I wonder why the humming low boopboopboop of Asteroïd still means something to my heart and I could recognize it before even seeing the machine at Game On (and spending the next hour playing it) whereas 5.1 means to my heart as much as a pen to a lobster.I think I know why. It's because the game was in my mind. Now that it's all there on the shiny screen, 'emphasis on gameplay' 'new surround sound effects' 'enhanced enemy AI' 'bright and different 3D panoramic vision' or whatever, it's not in ME anymore. I don't feel more like an actor playing those RPG games than I did playing Tempest. The game is a lot more difficult and sure requires 2145712544 hours training before you learn to pick up your first weapon, but it's all a bloody swindle. They SAY you're an actor but the only thing you do is push the buttons again, not dream or imagine anything cause it's all pre-imagined for you. Tempest didn't pose as art, Tempest didn't pretend to enhance your imagination. Tempest (or Penguin, or Pac Man, or Defender, or Missile Command, or write your favourite here ________ for god’s sake) was simple and fun and that was it. Played it for half an hour and basta!, back reading. Or maybe not, maybe I stayed there and played it all afternoon since I loved that game. Can’t remember.
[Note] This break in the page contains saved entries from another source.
(* Let $(X_t)_{t\ge0}$ be the continuous-time random walk on $\mathbb{Z}$ started at $0$ with generator $(Lf)(x)=\frac12\left(f(x+1)-f(x)\right)+\frac12\left(f(x-1)-f(x)\right)$. Then there is a universal constant $c>0$ such that for all $t\ge0$, $\mathrm{Varent}(X_t)\ge c\,\mathcal{V}(t)$, where $\mathcal{V}(t)=t\log^2\!\left(1+\frac1{\sqrt t}\right)$ (and $\mathcal{V}(0)=0$).
   Context: For a discrete random variable $X$ with probability mass function $f$, $\mathrm{Varent}(X):=\mathrm{Var}(\log f(X))$. *)

From Stdlib Require Import Reals ZArith.
From Coquelicot Require Import Coquelicot.
Open Scope R_scope.

(* Discrete-time simple symmetric random walk on Z started at 0:
   P(S_n = k) = C(n, (n+k)/2) / 2^n  if |k| <= n and n+k even, else 0. *)
Definition srw_pmf (n : nat) (k : Z) : R :=
  if andb (Z.abs k <=? Z.of_nat n)%Z (Z.even (Z.of_nat n + k))
  then Binomial.C n (Z.to_nat ((Z.of_nat n + k) / 2)) / 2 ^ n
  else 0.

(* Continuous-time random walk with generator
   (Lf)(x) = 1/2 (f(x+1)-f(x)) + 1/2 (f(x-1)-f(x)), started at 0.
   Total jump rate 1, each jump +-1 with prob. 1/2, so X_t = S_{N_t} with
   N_t ~ Poisson(t) independent of S (uniformization):
   P(X_t = k) = sum_n e^{-t} t^n / n! * P(S_n = k). *)
Definition ctrw_pmf (t : R) (k : Z) : R :=
  Series (fun n : nat => exp (- t) * t ^ n / INR (fact n) * srw_pmf n k).

Definition sumZ (f : Z -> R) : R :=
  Series (fun n : nat => f (Z.of_nat n)) + Series (fun n : nat => f (- Z.of_nat (S n))%Z).

Definition expectZ (p : Z -> R) (g : Z -> R) : R := sumZ (fun k => p k * g k).

Definition varZ (p : Z -> R) (g : Z -> R) : R :=
  expectZ p (fun k => (g k - expectZ p g) ^ 2).

Definition varent (p : Z -> R) : R := varZ p (fun k => ln (p k)).

Definition calV (t : R) : R :=
  if Req_EM_T t 0 then 0 else t * (ln (1 + / sqrt t)) ^ 2.

(* Write [p = ctrw_pmf t], a Poisson(t) mixture of simple random walk laws.
   It satisfies the Stein identity [k p(k) = t/2 (p(k-1) - p(k+1))].

   For [t >= 1] we test [ln p] against [z(k) = k^2 - t], which has mean [0] and second
   moment [2t^2 + t]; expanding [E[(ln p - E ln p + lam z)^2] >= 0] bounds the varentropy
   from below by [-2 lam E[z ln p] - lam^2 E[z^2]].  Summation by parts with the Stein
   identity rewrites [E[k^2 ln p]] through the increments [ln p(k +- 1) - ln p(k)]; the
   Gibbs inequality [a (ln b - ln a) <= b - a] makes their contributions nonpositive and,
   combined once more with the Stein identity, bounds [E[k (ln p(k+1) - ln p(k-1))]] by
   [-t/(t+2)].  Hence [E[z ln p] <= -t/6] and the varentropy is at least [1/108].

   For [t <= 1] the atoms [0] and [1] alone suffice: both have mass at least [t/6], and
   [p(1) <= t/2 p(0)] gives [ln p(0) - ln p(1) >= ln (2/t) >= ln (1 + 1/sqrt t)].
   Since [V(t) <= 1] for [t >= 1], the constant [c = 1/108] works throughout. *)

From Stdlib Require Import Reals ZArith Lia Lra.
From Coquelicot Require Import Coquelicot.
Open Scope R_scope.

(* No summability hypothesis: a divergent series has [Series] value [0]. *)
Lemma Series_nonneg (a : nat -> R) : (forall n, 0 <= a n) -> 0 <= Series a.
Proof.
  intros Ha. unfold Series.
  assert (Hlim : Rbar_le (Lim_seq (fun _ => 0)) (Lim_seq (sum_n a))).
  { apply Lim_seq_le_loc. exists 0%nat. intros n _.
    induction n as [|n IH]; [rewrite sum_O; apply Ha |].
    rewrite sum_Sn. apply Rplus_le_le_0_compat; auto. }
  rewrite Lim_seq_const in Hlim.
  destruct (Lim_seq (sum_n a)); simpl in *; lra.
Qed.

Lemma Series_0 (a : nat -> R) : (forall n, a n = 0) -> Series a = 0.
Proof.
  intros Ha. rewrite (Series_ext a (fun n => 0 * a n)) by (intros n; rewrite Ha; ring).
  rewrite Series_scal_l. ring.
Qed.

Lemma Series_le_Series (a b : nat -> R) : ex_series a -> ex_series b ->
  (forall n, a n <= b n) -> Series a <= Series b.
Proof.
  intros Ha Hb Hab.
  assert (H : 0 <= Series (fun n => b n - a n)) by (apply Series_nonneg; intros n; specialize (Hab n); lra).
  rewrite Series_minus in H by assumption. lra.
Qed.

Lemma sum_n_le_Series (a : nat -> R) N : ex_series a -> (forall n, 0 <= a n) ->
  sum_n a N <= Series a.
Proof.
  intros Ha Hnn. rewrite (Series_incr_n a (S N)) by (lia || assumption).
  rewrite sum_n_Reals. simpl pred.
  pose proof (Series_nonneg (fun k => a (S N + k)%nat) (fun n => Hnn _)). lra.
Qed.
Not that I'm absolutely allergic to modern games or think kids are perverted by videogames or anything. Actually I played videogames a hell of a lot myself when I was a kid and Resident Evil (I think it is called BioHazard in Britain) is one of my favourite games, ever (okay let's see: 1-you were perverted 2-Biohazard isn't a modern game, it's almost 10 years old, granddad) (now shut up or be laser-blasted). Okay, okay, so they didn’t even sell any tee shirts at the expo-shop? Nope. No books? Well, none worth mentioning. Nothing you could carry with you as memories of this wonderful afternoon? Hell, NO. But playing Tempest again is not something I’ll easily forget, so I’ll just say no to consumerism and remember. Do you remember? (ddn)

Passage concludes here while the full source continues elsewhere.